#### RECORDS FOR PROCESSING:

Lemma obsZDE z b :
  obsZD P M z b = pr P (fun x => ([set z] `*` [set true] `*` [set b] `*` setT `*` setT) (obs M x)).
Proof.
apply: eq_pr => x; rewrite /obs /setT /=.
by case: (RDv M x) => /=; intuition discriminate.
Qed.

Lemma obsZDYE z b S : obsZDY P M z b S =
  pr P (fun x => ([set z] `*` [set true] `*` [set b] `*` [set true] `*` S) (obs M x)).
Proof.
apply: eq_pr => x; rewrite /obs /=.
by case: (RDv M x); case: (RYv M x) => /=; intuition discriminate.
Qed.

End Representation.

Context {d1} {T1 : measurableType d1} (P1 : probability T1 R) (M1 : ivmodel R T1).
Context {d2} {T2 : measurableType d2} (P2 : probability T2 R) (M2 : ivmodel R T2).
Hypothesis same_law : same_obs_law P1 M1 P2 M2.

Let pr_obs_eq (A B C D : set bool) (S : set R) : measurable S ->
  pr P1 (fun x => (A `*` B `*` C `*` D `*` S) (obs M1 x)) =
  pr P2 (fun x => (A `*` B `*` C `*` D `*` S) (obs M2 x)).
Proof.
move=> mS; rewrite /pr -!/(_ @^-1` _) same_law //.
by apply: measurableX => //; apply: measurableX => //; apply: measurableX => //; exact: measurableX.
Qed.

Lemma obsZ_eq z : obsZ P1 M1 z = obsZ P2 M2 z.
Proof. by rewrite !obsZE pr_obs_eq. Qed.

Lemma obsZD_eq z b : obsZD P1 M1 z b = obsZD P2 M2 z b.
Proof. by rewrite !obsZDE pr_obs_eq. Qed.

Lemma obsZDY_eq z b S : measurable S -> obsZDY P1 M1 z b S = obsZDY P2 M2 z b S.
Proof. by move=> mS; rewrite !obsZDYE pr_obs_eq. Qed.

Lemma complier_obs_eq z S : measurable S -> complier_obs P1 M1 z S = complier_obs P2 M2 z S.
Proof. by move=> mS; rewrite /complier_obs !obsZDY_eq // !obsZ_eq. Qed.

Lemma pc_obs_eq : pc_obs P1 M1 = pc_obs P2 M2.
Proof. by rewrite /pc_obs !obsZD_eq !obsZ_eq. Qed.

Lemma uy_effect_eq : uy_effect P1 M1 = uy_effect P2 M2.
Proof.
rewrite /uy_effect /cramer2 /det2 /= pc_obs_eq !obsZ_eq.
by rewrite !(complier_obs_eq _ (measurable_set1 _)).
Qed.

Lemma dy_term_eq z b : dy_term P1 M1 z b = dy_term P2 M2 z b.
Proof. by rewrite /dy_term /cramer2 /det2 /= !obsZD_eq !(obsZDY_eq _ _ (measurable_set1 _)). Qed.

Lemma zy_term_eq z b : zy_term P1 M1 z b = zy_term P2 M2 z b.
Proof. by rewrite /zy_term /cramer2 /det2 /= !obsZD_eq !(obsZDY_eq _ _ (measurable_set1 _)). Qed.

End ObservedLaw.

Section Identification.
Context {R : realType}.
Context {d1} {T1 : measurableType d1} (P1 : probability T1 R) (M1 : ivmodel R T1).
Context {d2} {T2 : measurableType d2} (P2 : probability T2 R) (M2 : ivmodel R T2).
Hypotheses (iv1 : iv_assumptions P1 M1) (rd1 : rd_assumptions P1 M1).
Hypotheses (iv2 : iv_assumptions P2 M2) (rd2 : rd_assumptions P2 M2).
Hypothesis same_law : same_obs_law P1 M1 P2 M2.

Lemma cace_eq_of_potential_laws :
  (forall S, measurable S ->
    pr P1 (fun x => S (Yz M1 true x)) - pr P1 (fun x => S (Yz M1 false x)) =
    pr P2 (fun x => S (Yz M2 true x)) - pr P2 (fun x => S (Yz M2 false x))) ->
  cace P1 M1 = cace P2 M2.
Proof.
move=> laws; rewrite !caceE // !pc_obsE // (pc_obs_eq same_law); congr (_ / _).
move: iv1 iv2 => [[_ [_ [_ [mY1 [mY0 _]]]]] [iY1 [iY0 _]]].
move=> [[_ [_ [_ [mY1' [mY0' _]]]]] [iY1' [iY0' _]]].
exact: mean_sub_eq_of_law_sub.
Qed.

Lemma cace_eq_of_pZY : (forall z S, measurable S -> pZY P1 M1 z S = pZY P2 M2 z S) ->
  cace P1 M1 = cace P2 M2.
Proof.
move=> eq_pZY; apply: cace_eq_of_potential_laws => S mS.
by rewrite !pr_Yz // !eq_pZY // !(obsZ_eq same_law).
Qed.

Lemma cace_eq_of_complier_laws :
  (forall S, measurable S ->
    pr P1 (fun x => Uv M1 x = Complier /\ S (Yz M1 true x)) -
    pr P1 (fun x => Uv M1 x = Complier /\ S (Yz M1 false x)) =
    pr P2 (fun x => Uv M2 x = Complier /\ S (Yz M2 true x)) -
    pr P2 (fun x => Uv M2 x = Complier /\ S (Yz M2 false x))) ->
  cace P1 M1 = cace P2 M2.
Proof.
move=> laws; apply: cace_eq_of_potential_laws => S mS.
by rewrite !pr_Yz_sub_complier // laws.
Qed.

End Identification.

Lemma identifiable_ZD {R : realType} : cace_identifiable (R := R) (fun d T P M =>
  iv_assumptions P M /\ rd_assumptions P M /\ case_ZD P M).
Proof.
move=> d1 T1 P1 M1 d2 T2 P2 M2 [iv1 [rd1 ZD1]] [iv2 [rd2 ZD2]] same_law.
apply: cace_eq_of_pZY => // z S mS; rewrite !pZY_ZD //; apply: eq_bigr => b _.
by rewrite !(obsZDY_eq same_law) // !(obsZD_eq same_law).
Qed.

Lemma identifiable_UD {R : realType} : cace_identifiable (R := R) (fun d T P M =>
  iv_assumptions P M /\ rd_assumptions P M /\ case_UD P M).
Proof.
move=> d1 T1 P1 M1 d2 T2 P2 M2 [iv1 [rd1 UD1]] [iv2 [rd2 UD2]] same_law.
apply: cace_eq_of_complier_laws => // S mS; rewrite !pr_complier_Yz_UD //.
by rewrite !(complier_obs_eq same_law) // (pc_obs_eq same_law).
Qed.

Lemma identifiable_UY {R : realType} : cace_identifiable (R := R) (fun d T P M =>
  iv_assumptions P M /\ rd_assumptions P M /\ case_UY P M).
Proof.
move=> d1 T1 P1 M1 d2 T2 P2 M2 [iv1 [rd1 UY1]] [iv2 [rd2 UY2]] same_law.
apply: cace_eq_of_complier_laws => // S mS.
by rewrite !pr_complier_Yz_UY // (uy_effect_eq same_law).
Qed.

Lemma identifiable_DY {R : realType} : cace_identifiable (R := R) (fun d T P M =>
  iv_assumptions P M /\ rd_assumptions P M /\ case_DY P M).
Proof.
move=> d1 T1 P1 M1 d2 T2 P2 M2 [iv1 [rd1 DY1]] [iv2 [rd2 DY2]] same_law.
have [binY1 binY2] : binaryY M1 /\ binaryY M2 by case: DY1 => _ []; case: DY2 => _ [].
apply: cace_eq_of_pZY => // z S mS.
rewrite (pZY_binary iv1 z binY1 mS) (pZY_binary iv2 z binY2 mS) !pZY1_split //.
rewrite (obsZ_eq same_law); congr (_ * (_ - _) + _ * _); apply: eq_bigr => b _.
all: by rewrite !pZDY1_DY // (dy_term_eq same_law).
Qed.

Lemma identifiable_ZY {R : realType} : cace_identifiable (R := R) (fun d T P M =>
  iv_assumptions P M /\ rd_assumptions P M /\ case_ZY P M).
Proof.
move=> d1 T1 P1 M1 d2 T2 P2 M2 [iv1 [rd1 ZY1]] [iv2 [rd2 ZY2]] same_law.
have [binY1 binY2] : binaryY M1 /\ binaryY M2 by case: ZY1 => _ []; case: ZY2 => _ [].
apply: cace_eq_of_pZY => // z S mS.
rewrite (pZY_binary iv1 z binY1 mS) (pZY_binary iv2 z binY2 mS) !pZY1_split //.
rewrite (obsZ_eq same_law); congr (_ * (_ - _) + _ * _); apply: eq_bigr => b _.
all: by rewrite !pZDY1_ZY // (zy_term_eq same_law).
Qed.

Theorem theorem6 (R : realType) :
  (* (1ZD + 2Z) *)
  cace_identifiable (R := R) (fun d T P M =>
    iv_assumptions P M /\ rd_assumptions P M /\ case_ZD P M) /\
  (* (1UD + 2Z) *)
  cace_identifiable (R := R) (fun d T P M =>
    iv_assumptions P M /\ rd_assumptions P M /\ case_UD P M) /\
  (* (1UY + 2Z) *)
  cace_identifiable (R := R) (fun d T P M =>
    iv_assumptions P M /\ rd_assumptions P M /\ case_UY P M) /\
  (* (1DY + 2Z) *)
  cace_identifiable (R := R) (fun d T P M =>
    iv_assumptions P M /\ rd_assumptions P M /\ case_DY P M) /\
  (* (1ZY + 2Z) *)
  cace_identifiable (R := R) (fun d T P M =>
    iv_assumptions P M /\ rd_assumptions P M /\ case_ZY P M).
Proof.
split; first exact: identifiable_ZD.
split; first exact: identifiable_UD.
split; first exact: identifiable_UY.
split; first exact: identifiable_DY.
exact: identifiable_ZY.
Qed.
--
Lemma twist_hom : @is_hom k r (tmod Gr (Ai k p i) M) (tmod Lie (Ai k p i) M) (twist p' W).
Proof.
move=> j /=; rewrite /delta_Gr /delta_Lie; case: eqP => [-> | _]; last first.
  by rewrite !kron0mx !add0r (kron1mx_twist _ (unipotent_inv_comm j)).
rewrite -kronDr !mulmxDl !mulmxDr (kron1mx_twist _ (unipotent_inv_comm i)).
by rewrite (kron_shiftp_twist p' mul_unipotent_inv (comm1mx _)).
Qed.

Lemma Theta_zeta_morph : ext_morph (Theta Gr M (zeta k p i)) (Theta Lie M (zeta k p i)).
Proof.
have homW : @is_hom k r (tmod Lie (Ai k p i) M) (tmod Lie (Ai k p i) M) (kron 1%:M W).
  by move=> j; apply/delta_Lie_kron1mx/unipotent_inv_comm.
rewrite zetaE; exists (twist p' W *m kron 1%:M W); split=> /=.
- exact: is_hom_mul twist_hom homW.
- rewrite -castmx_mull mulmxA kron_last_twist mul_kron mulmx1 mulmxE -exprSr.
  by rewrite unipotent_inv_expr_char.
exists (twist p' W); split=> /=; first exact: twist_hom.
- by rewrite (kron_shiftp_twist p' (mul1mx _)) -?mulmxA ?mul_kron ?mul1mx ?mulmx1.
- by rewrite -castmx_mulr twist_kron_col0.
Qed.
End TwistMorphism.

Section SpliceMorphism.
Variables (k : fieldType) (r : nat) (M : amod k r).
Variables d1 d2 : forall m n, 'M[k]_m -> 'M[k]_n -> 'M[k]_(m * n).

#### WHAT TO WORK ON:
Report the number of lines in the listing that hold the string "discriminate", and nothing else.

#### ANSWER FOR THIS EXERCISE:
2